What you should do >> From the records below, set down exactly the lines starting with the line that contains "(* Q_2^0 = Q_2" and going on through the line that contains "(forall x, inI". Nothing else is wanted.

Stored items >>
(* Let $\sigma$ be an erasing $k$-block substitution with $w_\epsilon\ne 1^k$. Then $f_\sigma$ is continuous at every point of $$\mathcal C^\sigma=\mathbb I\setminus(\mathcal Q_2^0\cup\mathcal E^\sigma),$$ whose complement is countable, and consequently $f_\sigma$ is of Baire class 1. Moreover, $f_\sigma$ is left-continuous at every point of $\mathbb Q_2\setminus\{0\}$.
   Context: Notation: $\mathbb I=[0,1]$. $\mathbb Q_2$ is the set of dyadic rationals in $\mathbb I$, $\mathcal Q_2=\mathbb Q_2\setminus\{0,1\}$ and $\mathcal Q_2^0=\mathcal Q_2\cup\{0\}$. $\{0,1\}^*$ and $\{0,1\}^\omega$ denote finite and infinite binary words, and $\epsilon$ is the empty word. For a word $w$, set $0.w=\sum_i w_i2^{-i}$. For $x\in(0,1]$, $\widetilde x$ is the unique infinite binary expansion of $x$ not ending in $0^\infty$. Fix $k\ge2$. An erasing $k$-block substitution is a map $\sigma:\{0,1\}^k\to\{0,1\}^*$ with exactly one block $w_\epsilon$ such that $\sigma(w_\epsilon)=\epsilon$. It acts blockwise on infinite words and on finite words of length a multiple of $k$, by concatenating the images of consecutive $k$-blocks. The map $f_\sigma:\mathbb I\to\mathbb I$ is defined by $f_\sigma(x)=0.\sigma(\widetilde x)$ if $x\in(0,1]$ and $\widetilde x\ne w_\epsilon^\infty$, and $f_\sigma(x)=0$ if $x=0$ or $\widetilde x=w_\epsilon^\infty$. Define $\mathcal E^\sigma=\{x\in\mathbb I\cap\mathbb Q: x=0.vw_\epsilon^\infty \text{ for some } v\in\{0,1\}^{nk},\ n\in\mathbb N_0\}$. *)

From Stdlib Require Import Reals Lra Lia List QArith Classical ClassicalEpsilon.
From Coquelicot Require Import Coquelicot.
Import ListNotations.
Open Scope R_scope.

(* Finite binary words: list bool; infinite binary words: nat -> bool,
   letter number i (0-indexed) carries weight 2^-(i+1). *)
Definition b2R (b : bool) : R := if b then 1 else 0.

Fixpoint fval (w : list bool) : R :=
  match w with
  | [] => 0
  | b :: w' => (b2R b + fval w') / 2
  end.

Definition ival (u : nat -> bool) : R :=
  Series (fun i => b2R (u i) / 2 ^ (S i)).

Definition is_bin_exp (x : R) (u : nat -> bool) : Prop :=
  is_series (fun i => b2R (u i) / 2 ^ (S i)) x.

Definition not_ending_in_0 (u : nat -> bool) : Prop :=
  forall N : nat, exists i : nat, (N <= i)%nat /\ u i = true.

(* \widetilde x : the (unique, for x in (0,1]) infinite binary expansion
   of x not ending in 0^infinity *)
Definition tilde (x : R) : nat -> bool :=
  epsilon (inhabits (fun _ : nat => false))
    (fun u => is_bin_exp x u /\ not_ending_in_0 u).

Definition block (k : nat) (u : nat -> bool) (n : nat) : list bool :=
  map (fun j => u (n * k + j)%nat) (seq 0 k).

Definition sigma_prefix (k : nat) (sigma : list bool -> list bool)
    (u : nat -> bool) (n : nat) : list bool :=
  flat_map (fun m => sigma (block k u m)) (seq 0 n).

(* 0.sigma(u): value of the (possibly finite) concatenation of the block
   images, i.e. the limit of the values of its prefixes sigma(b_0...b_{n-1}) *)
Definition sigma_val (k : nat) (sigma : list bool -> list bool)
    (u : nat -> bool) : R :=
  real (Lim_seq (fun n => fval (sigma_prefix k sigma u n))).

Definition v_winf (k : nat) (v w : list bool) (i : nat) : bool :=
  if Nat.ltb i (length v) then nth i v false
  else nth ((i - length v) mod k) w false.

Definition f_sigma (k : nat) (sigma : list bool -> list bool)
    (weps : list bool) (x : R) : R :=
  if excluded_middle_informative
       (x = 0 \/ (forall i, tilde x i = v_winf k [] weps i))
  then 0
  else sigma_val k sigma (tilde x).

Definition inI (x : R) : Prop := 0 <= x <= 1.

Definition dyadic (x : R) : Prop :=
  inI x /\ exists (m n : nat), x = INR m / 2 ^ n.

(* Q_2^0 = Q_2 \ {1} = (Q_2 \ {0,1}) \cup {0} *)
Definition dyadic0 (x : R) : Prop := dyadic x /\ x <> 1.

Definition E_sigma (k : nat) (weps : list bool) (x : R) : Prop :=
  inI x /\ (exists q : Q, x = Q2R q) /\
  exists (v : list bool) (n : nat),
    length v = (n * k)%nat /\ x = ival (v_winf k v weps).

Definition C_sigma (k : nat) (weps : list bool) (x : R) : Prop :=
  inI x /\ ~ dyadic0 x /\ ~ E_sigma k weps x.

Definition continuous_at_in_I (f : R -> R) (x : R) : Prop :=
  forall eps : R, 0 < eps -> exists delta : R, 0 < delta /\
    forall y : R, inI y -> Rabs (y - x) < delta -> Rabs (f y - f x) < eps.

Definition left_continuous_at_in_I (f : R -> R) (x : R) : Prop :=
  forall eps : R, 0 < eps -> exists delta : R, 0 < delta /\
    forall y : R, inI y -> x - delta < y <= x -> Rabs (f y - f x) < eps.

Definition baire_class_1_on_I (f : R -> R) : Prop :=
  exists fn : nat -> R -> R,
    (forall n x, inI x -> continuous_at_in_I (fn n) x) /\
    (forall x, inI x -> Un_cv (fun n => fn n x) (f x)).

Definition countable_set (A : R -> Prop) : Prop :=
  exists g : nat -> R, forall x, A x -> exists n, g n = x.

From Stdlib Require Import Reals Lra Lia ZArith List QArith Classical ClassicalEpsilon Cantor.
From Coquelicot Require Import Coquelicot.
Import ListNotations.
Open Scope R_scope.

(* For x in (0,1] the expansion x~ is read off the dyadic
      intervals (z/2^m, (z+1)/2^m] containing x ([dint], [tilde_digit]); such
      an interval contains a left neighbourhood of x, and a full neighbourhood
      unless x is a dyadic point of (0,1) ([dint_nbhd]).
   2. A general Baire-1 criterion ([baire_criterion]) for f : I -> [0,1] that
      is lower semicontinuous off the dyadic points and continuous there except
      at points of finite sets S n well separated from the dyadic points.
   3. Values of 0.sigma(u): the first n block images of x~ fix f_sigma up to
      2^-(length of the image), so f_sigma is lower semicontinuous along
      dyadic intervals, and continuous where the images grow without bound;
      otherwise x~ ends in w_eps^oo.  Dyadic points end in 1^oo, never erased.
   4. Points with x~ = v w_eps^oo have an explicit rational value, separated
      from the dyadic points; they form the sets S n of the criterion.
   The four parts of the theorem then follow from these facts. *)

Lemma pow2_pos (j : nat) : 0 < 2 ^ j.
Proof. apply pow_lt; lra. Qed.

Lemma inv_pow2_small (eps : R) : 0 < eps ->
  exists N, forall n, (N <= n)%nat -> / 2 ^ n < eps.
Proof.
  intros He.
  destruct (pow_lt_1_zero (/ 2) ltac:(rewrite Rabs_pos_eq; lra) eps He) as [N HN].
  exists N; intros n Hn. specialize (HN n Hn).
  rewrite pow_inv, Rabs_pos_eq in HN; [exact HN|].
  left; apply Rinv_0_lt_compat, pow2_pos.
Qed.

Fixpoint pw2 (j : nat) : Z := match j with O => 1%Z | S j => (2 * pw2 j)%Z end.

Lemma pw2_IZR (j : nat) : IZR (pw2 j) = 2 ^ j.
Proof.
  induction j as [|j IH]; [reflexivity|].
  change (pw2 (S j)) with (2 * pw2 j)%Z. rewrite mult_IZR, IH; reflexivity.
Qed.

Lemma pw2_pos (j : nat) : (0 < pw2 j)%Z.
Proof. induction j; [reflexivity|]. change (pw2 (S j)) with (2 * pw2 j)%Z. lia. Qed.

Definition b2Z (b : bool) : Z := if b then 1%Z else 0%Z.

Lemma b2R_IZR (b : bool) : b2R b = IZR (b2Z b).
Proof. destruct b; reflexivity. Qed.

(* [dint m x] is the integer z with z < 2^m x <= z + 1: x lies in the
   half-open dyadic interval (z/2^m, (z+1)/2^m]. *)
Definition dint (m : nat) (x : R) : Z := (- up (- (2 ^ m * x)))%Z.

Lemma dint_spec (m : nat) (x : R) : IZR (dint m x) < 2 ^ m * x <= IZR (dint m x) + 1.
Proof. destruct (archimed (- (2 ^ m * x))). unfold dint; rewrite opp_IZR; lra. Qed.

Lemma dint_unique (m : nat) (x : R) (z : Z) :
  IZR z < 2 ^ m * x <= IZR z + 1 -> z = dint m x.
Proof.
  intros [H1 H2]. destruct (dint_spec m x) as [H3 H4].
  assert (z < dint m x + 1)%Z by (apply lt_IZR; rewrite plus_IZR; simpl; lra).
  assert (dint m x < z + 1)%Z by (apply lt_IZR; rewrite plus_IZR; simpl; lra).
  lia.
Qed.

Lemma dint_0 (x : R) : 0 < x <= 1 -> dint 0 x = 0%Z.
Proof. intros. symmetry; apply dint_unique. simpl. lra. Qed.

Lemma dint_nonneg (m : nat) (x : R) : 0 < x -> (0 <= dint m x)%Z.
Proof.
  intros Hx. destruct (dint_spec m x).
  assert (0 < 2 ^ m * x) by (apply Rmult_lt_0_compat; [apply pow2_pos|lra]).
  assert (-1 < dint m x)%Z by (apply lt_IZR; simpl; lra). lia.
Qed.

(* The i-th binary digit of x: whether x lies in the upper half of its
   level-i dyadic interval. *)
Definition digit (x : R) (i : nat) : bool := Z.eqb (dint (S i) x) (2 * dint i x + 1).

Lemma dint_S (i : nat) (x : R) : dint (S i) x = (2 * dint i x + b2Z (digit x i))%Z.
Proof.
  destruct (dint_spec i x) as [H1 H2]. unfold digit.
  assert (E2 : 2 ^ S i * x = 2 * (2 ^ i * x)) by (simpl; ring).
  destruct (Rle_dec (2 ^ S i * x) (IZR (2 * dint i x) + 1)) as [H|H].
  - assert (E : (2 * dint i x)%Z = dint (S i) x).
    { apply dint_unique. rewrite mult_IZR in *. split; lra. }
    rewrite <- E. replace (Z.eqb (2 * dint i x) (2 * dint i x + 1)) with false
      by (symmetry; apply Z.eqb_neq; lia). simpl; lia.
  - assert (E : (2 * dint i x + 1)%Z = dint (S i) x).
    { apply dint_unique. rewrite plus_IZR, mult_IZR in *. split; lra. }
    rewrite <- E, Z.eqb_refl. simpl; lia.
Qed.

Lemma dint_agree (x y : R) (m : nat) :
  dint m x = dint m y -> forall i, (i < m)%nat -> digit x i = digit y i.
Proof.
  intros E i Hi.
  assert (Hdown : forall d j, dint (j + d) x = dint (j + d) y -> dint j x = dint j y).
  { induction d as [|d IH]; intros j Ed; [rewrite Nat.add_0_r in Ed; exact Ed|].
    apply IH. rewrite Nat.add_succ_r, !dint_S in Ed.
    destruct (digit x (j + d)), (digit y (j + d)); cbn [b2Z] in Ed; lia. }
  replace m with (S i + (m - S i))%nat in E by lia.
  apply Hdown in E. rewrite !dint_S in E.
  destruct (digit x i), (digit y i); cbn [b2Z] in E; auto; lia.
Qed.

Definition binZ (w : list bool) : Z := fold_left (fun a b => (2 * a + b2Z b)%Z) w 0%Z.

Lemma binZ_snoc (w : list bool) (b : bool) : binZ (w ++ [b]) = (2 * binZ w + b2Z b)%Z.
Proof. unfold binZ. rewrite fold_left_app. reflexivity. Qed.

Output for this task >>
(* Q_2^0 = Q_2 \ {1} = (Q_2 \ {0,1}) \cup {0} *)
Definition dyadic0 (x : R) : Prop := dyadic x /\ x <> 1.

Definition E_sigma (k : nat) (weps : list bool) (x : R) : Prop :=
  inI x /\ (exists q : Q, x = Q2R q) /\
  exists (v : list bool) (n : nat),
    length v = (n * k)%nat /\ x = ival (v_winf k v weps).

Definition C_sigma (k : nat) (weps : list bool) (x : R) : Prop :=
  inI x /\ ~ dyadic0 x /\ ~ E_sigma k weps x.

Definition continuous_at_in_I (f : R -> R) (x : R) : Prop :=
  forall eps : R, 0 < eps -> exists delta : R, 0 < delta /\
    forall y : R, inI y -> Rabs (y - x) < delta -> Rabs (f y - f x) < eps.

Definition left_continuous_at_in_I (f : R -> R) (x : R) : Prop :=
  forall eps : R, 0 < eps -> exists delta : R, 0 < delta /\
    forall y : R, inI y -> x - delta < y <= x -> Rabs (f y - f x) < eps.

Definition baire_class_1_on_I (f : R -> R) : Prop :=
  exists fn : nat -> R -> R,
    (forall n x, inI x -> continuous_at_in_I (fn n) x) /\
    (forall x, inI x -> Un_cv (fun n => fn n x) (f x)).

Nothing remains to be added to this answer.